Dos vossos interesses

Note, por fim, pelo que Timóteo tinha cuidado: pelos interesses dos filipenses. É interessante notar a relação entre os versículos 20 e 21. Paulo afirma que não havia ninguém que cuidasse sinceramente dos interesses dos filipenses, isso porque as outras pessoas cuidavam dos seus próprios interesses e não dos de…? De quem? Seria de se esperar que ele dissesse: “todos buscam o que é seu próprio, e não o que é do seu próximo”, mas ao invés disso Paulo diz: “pois todos buscam o que é seu próprio, não o que é de Cristo Jesus”.
Quando Paulo fala a respeito de buscar os interesses dos filipenses ele não está falando sobre Timóteo ir até a igreja, ouvir o que os filipenses desejam e começar a ajustar a igreja para isso. Paulo está falando a respeito de buscar para o meu próximo aquilo que Cristo deseja para ele.
Notem o exemplo de Epafrodito:
Filipenses 2:29-30 “Recebei-o, pois, no Senhor, com toda a alegria, e honrai sempre a homens como esse; visto que, por causa da obra de Cristo, chegou ele às portas da morte e se dispôs a dar a própria vida, para suprir a vossa carência de socorro para comigo.”
Epafrodito se dispôs a dar a própria vida por causa da obra de Cristo. Ele fez isso por causa de Cristo, não por causa de Paulo. Mas como ele serviu a obra de Cristo e por causa dela aqui? Ele fez isso para levar uma oferta para suprir as necessidades de Paulo.
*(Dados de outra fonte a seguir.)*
(* Let $P$ be a commutative ring, $x,y$ a regular sequence in $P$, and $a,n,r$ integers with $a\ge0$, $n\ge1$, $0\le r\le n-1$; let $f=x^n+y^n$ and $N=an+r$. Assume $f$ is a regular element of $P$ and let $R=P/(f)$. Put $$D=\begin{bmatrix}x^{n-r}&(-1)^{a-1}y^r\\(-1)^ay^{n-r}&x^r\end{bmatrix},\qquad \check D=\begin{bmatrix}x^r&(-1)^ay^r\\(-1)^{a+1}y^{n-r}&x^{n-r}\end{bmatrix}.$$ Then $$\cdots\xrightarrow{\check D}R^2\xrightarrow{D}R^2\xrightarrow{\check D}R^2\xrightarrow{D}R^2\xrightarrow{[x^N\ y^N]}R\to R/(x^N,y^N)R\to0$$ is a resolution of $R/(x^N,y^N)R$ by free $R$-modules. *)

From HB Require Import structures.
From mathcomp Require Import all_boot all_order all_algebra.
Set Implicit Arguments. Unset Strict Implicit. Unset Printing Implicit Defensive.
Import GRing.Theory.
Local Open Scope ring_scope.

Definition regular_elt (P : comRingType) (f : P) : Prop :=
  forall p : P, f * p = 0 -> p = 0.

(* x, y is a regular sequence in P:
   x is a non-zero-divisor on P, y is a non-zero-divisor on P/(x),
   and P/(x,y) <> 0, i.e. (x,y) is a proper ideal. *)
Definition regular_seq2 (P : comRingType) (x y : P) : Prop :=
  [/\ regular_elt x,
      (forall p q : P, y * p = x * q -> exists s : P, p = x * s)
    & ~ (exists a b : P, a * x + b * y = 1)].

(* Congruence of matrices over P modulo f, i.e. equality of their images
   in matrices over R = P/(f). *)
Definition eqmod (P : comRingType) (f : P) (m n : nat) (A B : 'M[P]_(m, n)) : Prop :=
  exists C : 'M[P]_(m, n), A - B = f *: C.

(* Exactness over R = P/(f) of  R^p --B--> R^n --A--> R^m  (matrices acting on
   column vectors, with entries reduced mod f): A*B = 0 in R and ker A = im B. *)
Definition exact_mod (P : comRingType) (f : P) (m n p : nat)
    (A : 'M[P]_(m, n)) (B : 'M[P]_(n, p)) : Prop :=
  eqmod f (A *m B) 0 /\
  forall u : 'cV[P]_n, eqmod f (A *m u) 0 ->
    exists v : 'cV[P]_p, eqmod f (B *m v) u.

Definition mx2 (P : comRingType) (a b c d : P) : 'M[P]_2 :=
  \matrix_(i < 2, j < 2)
    if (i == 0 :> nat) then (if (j == 0 :> nat) then a else b)
    else (if (j == 0 :> nat) then c else d).

Definition row2 (P : comRingType) (a b : P) : 'M[P]_(1, 2) :=
  \row_(j < 2) if (j == 0 :> nat) then a else b.

(* D and Dc are adjugate 2x2 matrices of determinant f = x^n + y^n, i.e. a
   matrix factorization of the regular element f, so the periodic part of the
   complex is exact over P/(f).  The columns of D are syzygies of (x^N, y^N)
   modulo f because x^n + y^n divides x^(kn) - (-y^n)^k.  Conversely, a
   relation x^N u1 + y^N u2 in (f) with N = an + r is reduced to the case
   a = 0 by induction on a, each step using that the syzygies of (x^n, y^n)
   are multiples of the Koszul relation; this holds because powers of a
   regular sequence form a regular sequence. *)

From HB Require Import structures.
From mathcomp Require Import all_boot all_order all_algebra.
From mathcomp Require Import ring.
Set Implicit Arguments.
Unset Strict Implicit.
Unset Printing Implicit Defensive.

Import GRing.Theory.
Local Open Scope ring_scope.

Section RegularSequence.

Variables (R : comRingType) (x y : R).

Lemma regular_elt_cancel (z p q : R) : regular_elt z -> z * p = z * q -> p = q.
Proof.
move=> rz epq; apply/eqP; rewrite -subr_eq0; apply/eqP/rz.
by rewrite mulrBr epq subrr.
Qed.

Lemma regular_eltX (z : R) (k : nat) : regular_elt z -> regular_elt (z ^+ k).
Proof.
move=> rz; elim: k => [|k IHk] p; first by rewrite expr0 mul1r.
by rewrite exprS -mulrA => /rz /IHk.
Qed.

Hypothesis hxy : regular_seq2 x y.

Lemma regular_seq2_Gauss1 (m : nat) (p q : R) :
  y * p = x ^+ m * q -> exists t, p = x ^+ m * t.
Proof.
have [rx ry _] := hxy.
elim: m p q => [|m IHm] p q; first by exists p; rewrite mul1r.
rewrite exprS -mulrA => ypq.
have [s ps] := ry _ _ ypq.
move: ypq; rewrite ps mulrCA => /(regular_elt_cancel rx) /IHm [t st].
by exists t; rewrite st mulrA.
Qed.

Lemma regular_seq2_Gauss (k m : nat) (p q : R) :
  y ^+ k * p = x ^+ m * q -> exists t, p = x ^+ m * t.
Proof.
elim: k p q => [|k IHk] p q; first by rewrite mul1r => ->; exists q.
by rewrite exprSr -mulrA => /IHk [t /regular_seq2_Gauss1].
Qed.

Lemma koszul_syzygy (k l : nat) (u v : R) :
  x ^+ k * u + y ^+ l * v = 0 -> exists t, u = y ^+ l * t /\ v = - (x ^+ k * t).
Proof.
move=> /eqP; rewrite addr_eq0 -mulrN eq_sym => /eqP uv.
have [t vt] := regular_seq2_Gauss uv.
exists t; split; last by rewrite -vt opprK.
have [rx _ _] := hxy.
apply: (regular_elt_cancel (regular_eltX (k := k) rx)).
by rewrite -uv vt mulrCA.
Qed.

End RegularSequence.

Section PowerKernel.

Variables (R : comRingType) (x y : R) (n r : nat).
Hypotheses (hxy : regular_seq2 x y) (hrn : (r <= n)%N).

Lemma row2_pow_kernel (a : nat) (u1 u2 c : R) :
  x ^+ (a * n + r) * u1 + y ^+ (a * n + r) * u2 = (x ^+ n + y ^+ n) * c ->
  exists v1 v2, u1 = x ^+ (n - r) * v1 + (-1) ^+ a.+1 * y ^+ r * v2 /\
                u2 = (-1) ^+ a * y ^+ (n - r) * v1 + x ^+ r * v2.
Proof.
elim: a u1 u2 c => [|a IHa] u1 u2 c.
  rewrite mul0n add0n -[in x ^+ n](subnKC hrn) -[in y ^+ n](subnKC hrn) !exprD.
  move=> hc.
  have [|t [h1 h2]] := koszul_syzygy hxy (k := r) (l := r)
                                         (u := u1 - x ^+ (n - r) * c)
                                         (v := u2 - y ^+ (n - r) * c).
    by rewrite -(subrr (x ^+ r * u1 + y ^+ r * u2)) {2}hc; ring.
  exists c, (- t); split.
    by rewrite -(subrK (x ^+ (n - r) * c) u1) h1; ring.
  by rewrite -(subrK (y ^+ (n - r) * c) u2) h2; ring.
rewrite mulSn -addnA (exprD x) (exprD y) => hc.
set M := (a * n + r)%N in hc IHa.
have [|t [h1 h2]] := koszul_syzygy hxy (k := n) (l := n)
                                       (u := x ^+ M * u1 - c)
                                       (v := y ^+ M * u2 - c).
  by rewrite -(subrr (x ^+ n * x ^+ M * u1 + y ^+ n * y ^+ M * u2)) {2}hc; ring.
have [|v1 [v2 [hv1 hv2]]] := IHa u1 (- u2) t.
  by rewrite -(subrK c (x ^+ M * u1)) h1 -[u2]opprK mulrN opprK
             -(subrK c (y ^+ M * u2)) h2; ring.
exists v1, (- v2); split.
  by rewrite hv1 [(-1) ^+ a.+2]exprS; ring.
by rewrite -[u2]opprK hv2 exprS; ring.
Qed.

End PowerKernel.

Section TwoByTwo.

Variable R : comRingType.

Definition col2 (p q : R) : 'cV[R]_2 :=
  \col_(i < 2) if (i == 0 :> nat) then p else q.

Lemma col2_eta (u : 'cV[R]_2) : u = col2 (u 0 0) (u 1 0).
Proof.
apply/matrixP => i j; rewrite !mxE (ord1 j).
by case: i => [[|[|i]] Hi] //=; congr (u _ _); apply: val_inj.
Qed.

Lemma mx2_mul (a b c d a' b' c' d' : R) :
  mx2 a b c d *m mx2 a' b' c' d' =
  mx2 (a * a' + b * c') (a * b' + b * d') (c * a' + d * c') (c * b' + d * d').
Proof.
apply/matrixP => i j; rewrite !mxE !big_ord_recr big_ord0 /= add0r !mxE /=.
by case: i => [[|[|i]] Hi] //; case: j => [[|[|j]] Hj].
Qed.

Lemma mx2_mul_col2 (a b c d p q : R) :
  mx2 a b c d *m col2 p q = col2 (a * p + b * q) (c * p + d * q).
Proof.
apply/matrixP => i j; rewrite !mxE !big_ord_recr big_ord0 /= add0r !mxE /=.
by case: i => [[|[|i]] Hi].
Qed.

Lemma row2_mul (a b a' b' c' d' : R) :
  row2 a b *m mx2 a' b' c' d' = row2 (a * a' + b * c') (a * b' + b * d').
Proof.
apply/matrixP => i j; rewrite !mxE !big_ord_recr big_ord0 /= add0r !mxE /=.
by case: j => [[|[|j]] Hj].
Qed.

Lemma row2_mul_col2 (a b p q : R) : row2 a b *m col2 p q = (a * p + b * q)%:M.
Proof.
apply/matrixP => i j; rewrite (ord1 i) (ord1 j) !mxE.
by rewrite !big_ord_recr big_ord0 /= add0r !mxE.
Qed.

Lemma scale_mx2_1 (f : R) : f *: (1%:M : 'M[R]_2) = mx2 f 0 0 f.
Proof.
apply/matrixP => i j; rewrite !mxE.
by case: i => [[|[|i]] Hi] //; case: j => [[|[|j]] Hj] //=; rewrite ?mulr1 ?mulr0.
Qed.

Lemma mx2_mul_adj (p q u v : R) :
  mx2 p q u v *m mx2 v (- q) (- u) p = (p * v - q * u) *: 1%:M.
Proof. by rewrite mx2_mul scale_mx2_1; congr mx2; ring. Qed.

Lemma mx2_adj_mul (p q u v : R) :
  mx2 v (- q) (- u) p *m mx2 p q u v = (p * v - q * u) *: 1%:M.
Proof.
by rewrite -{2}[q]opprK -{2}[u]opprK mx2_mul_adj; congr (_ *: _); ring.
Qed.

End TwoByTwo.

Section MatrixFactorization.

Variables (R : comRingType) (f : R).

Lemma eqmod_refl (m n : nat) (A : 'M[R]_(m, n)) : eqmod f A A.
Proof. by exists 0; rewrite subrr scaler0. Qed.

Lemma eqmod_row2_0 (p q : R) :
  (exists c, p = f * c) -> (exists d, q = f * d) -> eqmod f (row2 p q) 0.
Proof.
move=> [c ->] [d ->]; exists (row2 c d); rewrite subr0.
by apply/matrixP => i j; rewrite !mxE; case: ifP.
Qed.

Lemma eqmod_scalar_0 (p : R) : eqmod f (p%:M : 'M_1) 0 -> exists c, p = f * c.
Proof.
move=> [C /matrixP/(_ 0 0)]; rewrite !mxE /= subr0 mulr1n => ->.
by exists (C 0 0).
Qed.

Hypothesis hf : regular_elt f.

Lemma exact_mod_factorization (k : nat) (A B : 'M[R]_k) :
  A *m B = f *: 1%:M -> B *m A = f *: 1%:M -> exact_mod f A B.
Proof.
move=> hAB hBA; split; first by exists 1%:M; rewrite subr0.
move=> u [C]; rewrite subr0 => hC; exists C; exists 0; rewrite scaler0.
have : f *: (B *m C - u) = 0.
  by rewrite scalerBr scalemxAr -hC mulmxA hBA -scalemxAl mul1mx subrr.
move=> /matrixP hfz; apply/matrixP => i j; rewrite !mxE; apply: hf.
by have := hfz i j; rewrite !mxE.
Qed.

Lemma exact_mod_mx2_adj (p q u v : R) : p * v - q * u = f ->
  exact_mod f (mx2 p q u v) (mx2 v (- q) (- u) p) /\
  exact_mod f (mx2 v (- q) (- u) p) (mx2 p q u v).
Proof.
by move=> hdet; split; apply: exact_mod_factorization;
  rewrite ?mx2_mul_adj ?mx2_adj_mul hdet.
Qed.

End MatrixFactorization.

Lemma addr_dvd_subrXXN (R : comRingType) (A B : R) (k : nat) :
  exists c, A ^+ k - (- B) ^+ k = (A + B) * c.
Proof.
by exists (\sum_(i < k) A ^+ (k.-1 - i) * (- B) ^+ i); rewrite subrXX opprK.
Qed.

Section PowerRowExactness.

Variables (R : comRingType) (x y : R) (n r : nat).
Hypotheses (hxy : regular_seq2 x y) (hrn : (r <= n)%N).

Lemma exact_mod_row2_pow (a : nat) :
  exact_mod (x ^+ n + y ^+ n) (row2 (x ^+ (a * n + r)) (y ^+ (a * n + r)))
    (mx2 (x ^+ (n - r)) ((-1) ^+ a.+1 * y ^+ r)
         ((-1) ^+ a * y ^+ (n - r)) (x ^+ r)).
Proof.
have hx : x ^+ n = x ^+ r * x ^+ (n - r) by rewrite -exprD subnKC.
have hy : y ^+ n = y ^+ r * y ^+ (n - r) by rewrite -exprD subnKC.
have hxN : x ^+ (a * n + r) = (x ^+ n) ^+ a * x ^+ r by rewrite exprD mulnC exprM.
have hyN : y ^+ (a * n + r) = (y ^+ n) ^+ a * y ^+ r by rewrite exprD mulnC exprM.
split.
- rewrite row2_mul; apply: eqmod_row2_0.
  + have [c hc] := addr_dvd_subrXXN (x ^+ n) (y ^+ n) a.+1.
    by exists c; rewrite -hc (exprNn (y ^+ n)) hxN hyN !exprS hx hy; ring.
  + have [c hc] := addr_dvd_subrXXN (y ^+ n) (x ^+ n) a.
    exists (x ^+ r * y ^+ r * c).
    rewrite [RHS]mulrCA [x ^+ n + _]addrC -hc (exprNn (x ^+ n)) hxN hyN.
    by rewrite exprS hx hy; ring.
- move=> u; rewrite [u]col2_eta row2_mul_col2 => /eqmod_scalar_0 [c hc].
  have [v1 [v2 [h1 h2]]] := row2_pow_kernel hxy hrn hc.
  by exists (col2 v1 v2); rewrite mx2_mul_col2 -h1 -h2; apply: eqmod_refl.
Qed.

End PowerRowExactness.

Theorem corollary9p3 (P : comRingType) (x y : P) (a n r : nat)
  (hxy : regular_seq2 x y) (hn : (1 <= n)%N) (hr : (r <= n.-1)%N)
  (hf : regular_elt (x ^+ n + y ^+ n)) :
  let f := x ^+ n + y ^+ n in
  let N := (a * n + r)%N in
  let D := mx2 (x ^+ (n - r)) ((-1) ^+ a.+1 * y ^+ r)
               ((-1) ^+ a * y ^+ (n - r)) (x ^+ r) in
  let Dc := mx2 (x ^+ r) ((-1) ^+ a * y ^+ r)
                ((-1) ^+ a.+1 * y ^+ (n - r)) (x ^+ (n - r)) in
  [/\ exact_mod f (row2 (x ^+ N) (y ^+ N)) D,
      exact_mod f D Dc
    & exact_mod f Dc D].
Proof.
move=> f N D Dc.
have hrn : (r <= n)%N := leq_trans hr (leq_pred n).
have hDc : Dc = mx2 (x ^+ r) (- ((-1) ^+ a.+1 * y ^+ r))
                    (- ((-1) ^+ a * y ^+ (n - r))) (x ^+ (n - r)).
  by rewrite /Dc !exprS !mulN1r !mulNr opprK.
have hdet : x ^+ (n - r) * x ^+ r
             - (-1) ^+ a.+1 * y ^+ r * ((-1) ^+ a * y ^+ (n - r)) = f.
  transitivity (x ^+ (n - r) * x ^+ r
                + (-1) ^+ a * (-1) ^+ a * (y ^+ r * y ^+ (n - r))).
    by rewrite exprS; ring.
  by rewrite -expr2 sqrr_sign mul1r -!exprD subnK // subnKC.
have [exD exDc] := exact_mod_mx2_adj hf hdet.
by rewrite hDc; split => //; apply: exact_mod_row2_pow.
Qed.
Ele se preocupou com Paulo, com as necessidades físicas e financeiras que Paulo estava passando, mas ele fez isso por causa da obra de Cristo.
Observe também, no início da carta, o que Paulo diz:
Filipenses 1:8 “Pois minha testemunha é Deus, da saudade que tenho de todos vós, na terna misericórdia de Cristo Jesus.”
A saudade que Paulo tinha dos filipenses não era simplesmente uma saudade natural sua, mas era uma saudade na terna misericórdia do próprio senhor Jesus. Sua saudade era um fruto e uma manifestação da misericórdia do próprio senhor Jesus.
E a disposição recomendada por Paulo e que Timóteo manifesta não é uma disposição carnal, mundana e humanista de simplesmente agradar o outro, mas um desejo e cuidado sinceros de que meu próximo conheça e viva aquilo que o próprio senhor Jesus deseja.
Como John Piper afirma, “nós vivemos por aquilo que Jesus moreu”. Jesus se entregou para trazer salvação ao seu povo, para santificar àqueles que são salvos, para trazer alegria e esperança eterna aos seus filhos, para trazer a união do seu povo em si mesmo em comunhão, e nós trabalhamos para isso. Nós bucamos aquilo que é de Cristo no bem do nosso próximo. Buscamos os interesses do nosso próximo: buscamos a salvação dos perdidos em Cristo, buscamos a santificação daqueles que estão vivendo em pecado, buscamos o consolo daqueles que estão desanimados, amparamos os fracos, promovemos a unidade, ensinamos os que estão em erro. Isso é buscar o que é de Cristo, e isso é buscar o interesse do nosso próximo.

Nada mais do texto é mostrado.